#### Exercise instructions
The stretch wanted below opens at the line containing "transitivity ((sqdist J (P i) - sqdist J P0)" and closes at the line containing "on_line (A i)". Please return it exactly, with no other lines.
───── Records shown
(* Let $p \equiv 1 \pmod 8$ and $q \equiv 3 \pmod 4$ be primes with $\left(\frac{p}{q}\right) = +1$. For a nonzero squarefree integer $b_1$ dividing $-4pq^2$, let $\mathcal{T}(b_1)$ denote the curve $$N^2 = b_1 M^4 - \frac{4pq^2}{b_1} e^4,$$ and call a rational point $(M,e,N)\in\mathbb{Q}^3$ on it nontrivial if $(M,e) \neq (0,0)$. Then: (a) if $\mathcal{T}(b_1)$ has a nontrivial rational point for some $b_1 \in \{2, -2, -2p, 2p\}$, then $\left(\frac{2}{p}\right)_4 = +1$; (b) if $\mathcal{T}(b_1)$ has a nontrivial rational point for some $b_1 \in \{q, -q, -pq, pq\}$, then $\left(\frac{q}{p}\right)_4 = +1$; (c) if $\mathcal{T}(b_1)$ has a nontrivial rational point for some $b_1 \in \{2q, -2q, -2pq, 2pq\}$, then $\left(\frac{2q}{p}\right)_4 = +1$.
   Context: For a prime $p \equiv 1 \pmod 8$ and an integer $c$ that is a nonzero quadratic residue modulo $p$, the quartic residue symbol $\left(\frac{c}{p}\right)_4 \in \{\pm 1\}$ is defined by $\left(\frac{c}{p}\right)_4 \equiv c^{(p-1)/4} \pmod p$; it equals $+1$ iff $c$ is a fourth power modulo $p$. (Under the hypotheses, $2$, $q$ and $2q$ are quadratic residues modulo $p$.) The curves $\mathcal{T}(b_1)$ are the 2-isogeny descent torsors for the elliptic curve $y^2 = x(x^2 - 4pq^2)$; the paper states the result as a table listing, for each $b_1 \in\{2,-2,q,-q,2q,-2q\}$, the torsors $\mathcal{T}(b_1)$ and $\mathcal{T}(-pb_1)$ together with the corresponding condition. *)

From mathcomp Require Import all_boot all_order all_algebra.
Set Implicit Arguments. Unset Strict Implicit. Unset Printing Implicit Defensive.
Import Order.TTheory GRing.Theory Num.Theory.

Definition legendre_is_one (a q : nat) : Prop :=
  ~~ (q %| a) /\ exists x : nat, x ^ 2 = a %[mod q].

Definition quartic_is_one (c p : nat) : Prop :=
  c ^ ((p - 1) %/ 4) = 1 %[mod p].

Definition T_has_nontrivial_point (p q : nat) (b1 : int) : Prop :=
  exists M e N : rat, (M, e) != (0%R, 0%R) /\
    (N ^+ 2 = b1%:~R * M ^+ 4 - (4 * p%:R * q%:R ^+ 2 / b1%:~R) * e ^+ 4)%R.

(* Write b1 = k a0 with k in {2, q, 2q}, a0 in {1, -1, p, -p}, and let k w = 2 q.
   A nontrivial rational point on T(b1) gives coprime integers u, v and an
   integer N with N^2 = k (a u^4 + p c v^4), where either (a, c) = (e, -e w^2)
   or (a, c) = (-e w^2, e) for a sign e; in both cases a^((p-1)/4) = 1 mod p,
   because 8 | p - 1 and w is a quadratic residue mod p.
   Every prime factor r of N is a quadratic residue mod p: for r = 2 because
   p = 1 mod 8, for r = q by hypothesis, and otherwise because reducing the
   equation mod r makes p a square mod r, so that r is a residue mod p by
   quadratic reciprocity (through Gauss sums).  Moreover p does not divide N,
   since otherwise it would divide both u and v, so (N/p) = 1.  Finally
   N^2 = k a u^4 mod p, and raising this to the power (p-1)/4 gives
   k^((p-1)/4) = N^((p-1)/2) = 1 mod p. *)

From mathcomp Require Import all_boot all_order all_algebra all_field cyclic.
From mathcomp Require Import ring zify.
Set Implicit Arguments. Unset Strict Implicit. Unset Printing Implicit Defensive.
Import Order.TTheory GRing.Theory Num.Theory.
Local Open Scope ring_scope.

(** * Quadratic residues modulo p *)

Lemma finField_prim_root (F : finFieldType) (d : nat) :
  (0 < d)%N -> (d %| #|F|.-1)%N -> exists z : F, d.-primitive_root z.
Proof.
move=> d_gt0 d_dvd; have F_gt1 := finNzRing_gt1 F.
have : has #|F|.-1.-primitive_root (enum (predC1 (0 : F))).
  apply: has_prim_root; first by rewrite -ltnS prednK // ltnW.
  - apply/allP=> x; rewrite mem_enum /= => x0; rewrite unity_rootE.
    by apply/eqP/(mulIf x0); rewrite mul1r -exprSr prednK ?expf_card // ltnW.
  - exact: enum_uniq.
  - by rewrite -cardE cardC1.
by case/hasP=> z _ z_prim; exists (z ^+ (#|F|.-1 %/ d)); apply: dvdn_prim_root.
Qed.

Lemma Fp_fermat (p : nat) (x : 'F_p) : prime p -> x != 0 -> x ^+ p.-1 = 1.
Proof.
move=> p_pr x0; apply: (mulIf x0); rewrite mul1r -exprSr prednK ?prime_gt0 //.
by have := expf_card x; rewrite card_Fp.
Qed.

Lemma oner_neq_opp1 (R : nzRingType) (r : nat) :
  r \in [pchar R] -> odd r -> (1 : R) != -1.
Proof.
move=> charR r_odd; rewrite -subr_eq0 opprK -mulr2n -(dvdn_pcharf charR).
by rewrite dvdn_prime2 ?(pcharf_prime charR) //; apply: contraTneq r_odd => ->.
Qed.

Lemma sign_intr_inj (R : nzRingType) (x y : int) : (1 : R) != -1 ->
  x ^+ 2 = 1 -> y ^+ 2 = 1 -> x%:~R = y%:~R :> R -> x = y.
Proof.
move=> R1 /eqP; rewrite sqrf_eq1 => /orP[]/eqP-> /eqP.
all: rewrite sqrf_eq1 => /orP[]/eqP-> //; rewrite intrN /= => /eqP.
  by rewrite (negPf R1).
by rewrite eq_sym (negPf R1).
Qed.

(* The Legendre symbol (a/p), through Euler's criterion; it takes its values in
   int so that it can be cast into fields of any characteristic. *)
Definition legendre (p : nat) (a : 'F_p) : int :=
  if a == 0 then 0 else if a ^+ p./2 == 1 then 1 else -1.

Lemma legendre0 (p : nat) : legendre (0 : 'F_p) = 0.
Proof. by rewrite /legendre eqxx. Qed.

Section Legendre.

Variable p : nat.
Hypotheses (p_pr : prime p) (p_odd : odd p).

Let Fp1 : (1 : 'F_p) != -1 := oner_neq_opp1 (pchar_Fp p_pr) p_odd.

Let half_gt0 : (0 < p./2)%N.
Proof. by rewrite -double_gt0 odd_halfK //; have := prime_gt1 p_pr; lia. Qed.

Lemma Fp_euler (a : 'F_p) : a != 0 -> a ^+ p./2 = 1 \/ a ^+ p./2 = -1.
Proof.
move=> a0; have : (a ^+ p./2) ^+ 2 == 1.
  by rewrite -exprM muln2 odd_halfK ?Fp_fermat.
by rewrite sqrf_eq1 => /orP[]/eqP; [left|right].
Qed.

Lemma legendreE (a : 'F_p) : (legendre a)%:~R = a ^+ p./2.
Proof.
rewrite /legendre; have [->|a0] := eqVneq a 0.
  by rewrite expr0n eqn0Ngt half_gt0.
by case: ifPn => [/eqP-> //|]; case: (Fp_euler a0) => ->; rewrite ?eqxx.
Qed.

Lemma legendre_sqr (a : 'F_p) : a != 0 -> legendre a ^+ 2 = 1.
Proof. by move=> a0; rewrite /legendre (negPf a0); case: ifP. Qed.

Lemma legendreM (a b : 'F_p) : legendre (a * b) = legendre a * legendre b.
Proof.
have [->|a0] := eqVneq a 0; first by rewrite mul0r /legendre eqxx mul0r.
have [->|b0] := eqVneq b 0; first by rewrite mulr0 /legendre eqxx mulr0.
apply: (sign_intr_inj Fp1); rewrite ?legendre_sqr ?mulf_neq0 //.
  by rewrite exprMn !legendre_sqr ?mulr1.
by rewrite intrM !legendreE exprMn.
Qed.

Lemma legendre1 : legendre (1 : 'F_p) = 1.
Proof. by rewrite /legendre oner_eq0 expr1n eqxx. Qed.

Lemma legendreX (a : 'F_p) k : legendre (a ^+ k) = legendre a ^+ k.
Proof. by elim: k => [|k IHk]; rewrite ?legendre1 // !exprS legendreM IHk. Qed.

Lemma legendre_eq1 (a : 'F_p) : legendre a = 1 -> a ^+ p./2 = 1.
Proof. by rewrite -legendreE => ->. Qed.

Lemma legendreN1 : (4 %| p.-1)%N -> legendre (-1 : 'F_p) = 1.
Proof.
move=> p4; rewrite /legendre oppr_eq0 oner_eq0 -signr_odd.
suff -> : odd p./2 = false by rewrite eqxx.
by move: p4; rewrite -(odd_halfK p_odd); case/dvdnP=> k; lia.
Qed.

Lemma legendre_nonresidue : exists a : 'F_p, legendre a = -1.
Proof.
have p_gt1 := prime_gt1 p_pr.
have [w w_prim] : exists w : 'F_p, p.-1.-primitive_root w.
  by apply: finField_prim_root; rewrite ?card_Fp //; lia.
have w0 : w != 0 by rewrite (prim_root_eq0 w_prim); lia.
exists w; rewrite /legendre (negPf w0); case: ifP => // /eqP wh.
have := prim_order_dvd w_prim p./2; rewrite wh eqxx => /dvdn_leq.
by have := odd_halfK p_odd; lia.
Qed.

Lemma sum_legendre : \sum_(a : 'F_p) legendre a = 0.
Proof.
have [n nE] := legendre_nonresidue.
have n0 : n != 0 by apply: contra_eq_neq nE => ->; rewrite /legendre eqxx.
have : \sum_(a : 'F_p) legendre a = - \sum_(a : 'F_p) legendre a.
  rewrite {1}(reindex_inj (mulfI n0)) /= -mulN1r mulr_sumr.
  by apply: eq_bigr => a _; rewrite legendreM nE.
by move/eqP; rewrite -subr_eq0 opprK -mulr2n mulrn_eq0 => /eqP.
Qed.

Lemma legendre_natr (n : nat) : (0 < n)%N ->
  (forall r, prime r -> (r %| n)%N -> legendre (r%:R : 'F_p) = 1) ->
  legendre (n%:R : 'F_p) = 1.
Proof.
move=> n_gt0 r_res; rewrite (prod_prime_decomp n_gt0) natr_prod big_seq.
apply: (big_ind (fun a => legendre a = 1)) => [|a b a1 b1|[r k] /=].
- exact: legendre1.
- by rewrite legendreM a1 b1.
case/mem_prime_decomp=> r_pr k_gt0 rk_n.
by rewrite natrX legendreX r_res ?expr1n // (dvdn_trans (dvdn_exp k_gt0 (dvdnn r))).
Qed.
──────────
───── Records shown
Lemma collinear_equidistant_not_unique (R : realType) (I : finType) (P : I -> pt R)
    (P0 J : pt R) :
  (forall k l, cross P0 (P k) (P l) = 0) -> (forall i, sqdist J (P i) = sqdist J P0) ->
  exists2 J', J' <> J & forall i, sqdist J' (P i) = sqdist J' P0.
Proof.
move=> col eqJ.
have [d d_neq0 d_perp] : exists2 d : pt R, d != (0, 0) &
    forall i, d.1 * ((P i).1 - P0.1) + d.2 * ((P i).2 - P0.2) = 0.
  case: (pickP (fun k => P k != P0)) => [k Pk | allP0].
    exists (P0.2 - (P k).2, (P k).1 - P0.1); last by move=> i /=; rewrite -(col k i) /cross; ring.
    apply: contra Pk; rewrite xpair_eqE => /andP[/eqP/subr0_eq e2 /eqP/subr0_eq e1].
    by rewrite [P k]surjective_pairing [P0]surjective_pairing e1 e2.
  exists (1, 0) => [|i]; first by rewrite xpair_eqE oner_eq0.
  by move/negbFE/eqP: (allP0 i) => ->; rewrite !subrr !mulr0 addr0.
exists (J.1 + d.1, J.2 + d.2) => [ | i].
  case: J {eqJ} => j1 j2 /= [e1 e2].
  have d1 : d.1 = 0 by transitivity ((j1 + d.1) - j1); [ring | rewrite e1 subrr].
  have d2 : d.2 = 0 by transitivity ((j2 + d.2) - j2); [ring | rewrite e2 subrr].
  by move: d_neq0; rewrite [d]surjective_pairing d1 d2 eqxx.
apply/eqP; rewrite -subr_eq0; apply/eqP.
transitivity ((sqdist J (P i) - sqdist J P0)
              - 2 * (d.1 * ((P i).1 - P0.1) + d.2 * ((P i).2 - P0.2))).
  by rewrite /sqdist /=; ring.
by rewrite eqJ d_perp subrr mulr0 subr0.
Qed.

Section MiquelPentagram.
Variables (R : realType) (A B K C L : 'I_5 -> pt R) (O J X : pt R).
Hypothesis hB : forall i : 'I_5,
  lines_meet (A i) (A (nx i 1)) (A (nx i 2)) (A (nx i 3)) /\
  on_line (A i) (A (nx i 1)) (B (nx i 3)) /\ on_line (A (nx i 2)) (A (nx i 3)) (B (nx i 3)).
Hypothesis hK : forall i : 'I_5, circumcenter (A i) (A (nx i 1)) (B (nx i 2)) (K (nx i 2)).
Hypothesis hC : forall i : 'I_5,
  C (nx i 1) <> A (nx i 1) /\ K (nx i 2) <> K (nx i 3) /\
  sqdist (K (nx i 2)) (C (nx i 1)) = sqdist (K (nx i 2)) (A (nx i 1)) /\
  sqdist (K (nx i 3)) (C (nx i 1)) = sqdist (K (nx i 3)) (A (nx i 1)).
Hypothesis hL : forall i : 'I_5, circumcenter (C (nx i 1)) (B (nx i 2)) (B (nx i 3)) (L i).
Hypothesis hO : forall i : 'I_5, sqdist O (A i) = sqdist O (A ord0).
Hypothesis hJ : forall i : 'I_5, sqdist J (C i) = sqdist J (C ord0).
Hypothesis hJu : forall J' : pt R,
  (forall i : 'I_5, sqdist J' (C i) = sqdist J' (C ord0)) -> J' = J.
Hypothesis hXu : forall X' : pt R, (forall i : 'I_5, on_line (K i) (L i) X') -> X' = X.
──────────
#### Answer space
transitivity ((sqdist J (P i) - sqdist J P0)
              - 2 * (d.1 * ((P i).1 - P0.1) + d.2 * ((P i).2 - P0.2))).
  by rewrite /sqdist /=; ring.
by rewrite eqJ d_perp subrr mulr0 subr0.
Qed.

Section MiquelPentagram.
Variables (R : realType) (A B K C L : 'I_5 -> pt R) (O J X : pt R).
Hypothesis hB : forall i : 'I_5,
  lines_meet (A i) (A (nx i 1)) (A (nx i 2)) (A (nx i 3)) /\
  on_line (A i) (A (nx i 1)) (B (nx i 3)) /\ on_line (A (nx i 2)) (A (nx i 3)) (B (nx i 3)).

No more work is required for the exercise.